Singer’s Not Jubilant in Name Alone

Share via
SPECIAL TO THE TIMES

Just call him Jubilant.

After all, his recital four years ago at Ambassador Auditorium in Pasadena followed seven years of no recitals, and this year alone he’s performed 40. And that doesn’t include orchestral dates, such as a pair of Christmas concerts tonight and Saturday in Costa Mesa with the Pacific Symphony and the All-American Boys Chorus.

Besides, that’s what his mother called him.

“She named me that simply because she wanted me to be jubilant,” said baritone Jubilant Sykes, just off a plane from concerts in Sioux City, Iowa, in the door of his Venice Beach home, and on the phone for an interview earlier this week. “And when it comes to music, I am.”

Sykes’ career has spanned pop, gospel and classical music, with the decisive shift to classical coming with a first place in Metropolitan Opera regional auditions in Los Angeles and subsequent New York Met debut six years ago. He has since performed as a vocal soloist with orchestras under the direction of Lorin Maazel, Raymond Leppard and Cristoph Eschenbach, and often performs duo recitals with guitarist Christopher Parkening.

Advertisement

“I have a passion for music, and I probably want to do too many things at one time. I’ve got to take myself seriously enough to work, but not so seriously that I become more neurotic. At this stage of the game, you take [engagements] as they come . . . and they come by God’s grace. Now it’s just being careful when to say no, when to chill out a bit. When you love music, that’s hard.”

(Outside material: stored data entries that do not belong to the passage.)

Lemma top_row_cast i (b : i < n) m m' (E : m' = m.+1) (Em : minn m n = i)
    (Em' : minn m' n = i.+1) :
  m = i -> hs_hcast (HSeq top_h) E = castHY Em Em' (Hh Y b).
Proof.
move=> mi; subst m' m; rewrite /hs_hcast /=; have [E1 [E2 ->]] := top_h_lt b.
by rewrite (eq_irrelevance Em E1) (eq_irrelevance Em' E2).
Qed.

Lemma minn_sub0 i : i <= n -> minn (i - 0) n = i.
Proof. by rewrite subn0 => /minn_idPl. Qed.

Definition from_stair i (d : i <= n) : Vm (HA (Uobj stair_obj) i) (HA Y i) :=
  castY (minn_sub0 d).

Definition to_stair i (d : i <= n) : Vm (HA Y i) (HA (Uobj stair_obj) i) :=
  castY (esym (minn_sub0 d)).

Lemma from_stair_isHmor : isHmor from_stair.
Proof.
split=> [i b d|i _ d]; last exact: castY_vWE.
by rewrite /= (top_row_cast b _ (minn_sub0 d) (minn_sub0 b) (subn0 i)); apply: castHY_sq.
Qed.

Lemma to_stair_isHmor : isHmor to_stair.
Proof.
split=> [i b d|i _ d]; last exact: castY_vWE.
by rewrite /= (top_row_cast b _ (minn_sub0 d) (minn_sub0 b) (subn0 i)); apply: castHY_sq_inv.
Qed.

End Staircase.

Lemma stable_U_esssurj n : U_esssurj C n.
Proof.
move=> Y; exists (stair_obj Y), (from_stair Y), (to_stair Y).
split; [exact: from_stair_isHmor | exact: to_stair_isHmor | |] => i d.
  exact: castYK (minn_sub0 d).
exact: castY_esymK (minn_sub0 d).
Qed.

End EssentialSurjectivity.

Theorem lemma3p25 (C : SqCat) (HC : Isostable C) (n : nat) :
  U_equivalence C n.
Proof.
split; [exact: isostable_U_faithful | exact: isostable_U_full |].
exact: stable_U_esssurj (iso_stable HC) n.
Qed.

As for exactly what stage of the game Sykes is at, that’s another story altogether.

“You never ask singers their age,” Sykes admonished good-naturedly. “Don’t you know that?”

Sykes offered no concrete reasons why not but apparently believes it affects careers.

“Ask my management,” he said. (Management wouldn’t say, either.)

Sykes eventually allowed that he is in his mid-30s but said that the popular perception is that he is younger:

“Probably two years ago, someone wrote in a newspaper that I was in my 20s. All of a sudden it was everywhere, ‘profoundly young singer.’ I thought, ‘I’m not profoundly young.’ But management said, ‘Let it go, let it go,’ and no one’s ever said anything. The age thing never came up.”

Advertisement

The ages of Sykes’ sons, however, are not a secret--1, 3 and 6. He hopes in the new year to spend “even greater quality time” with them and his wife, Cecelia, “just hanging out with the kids in the backyard.”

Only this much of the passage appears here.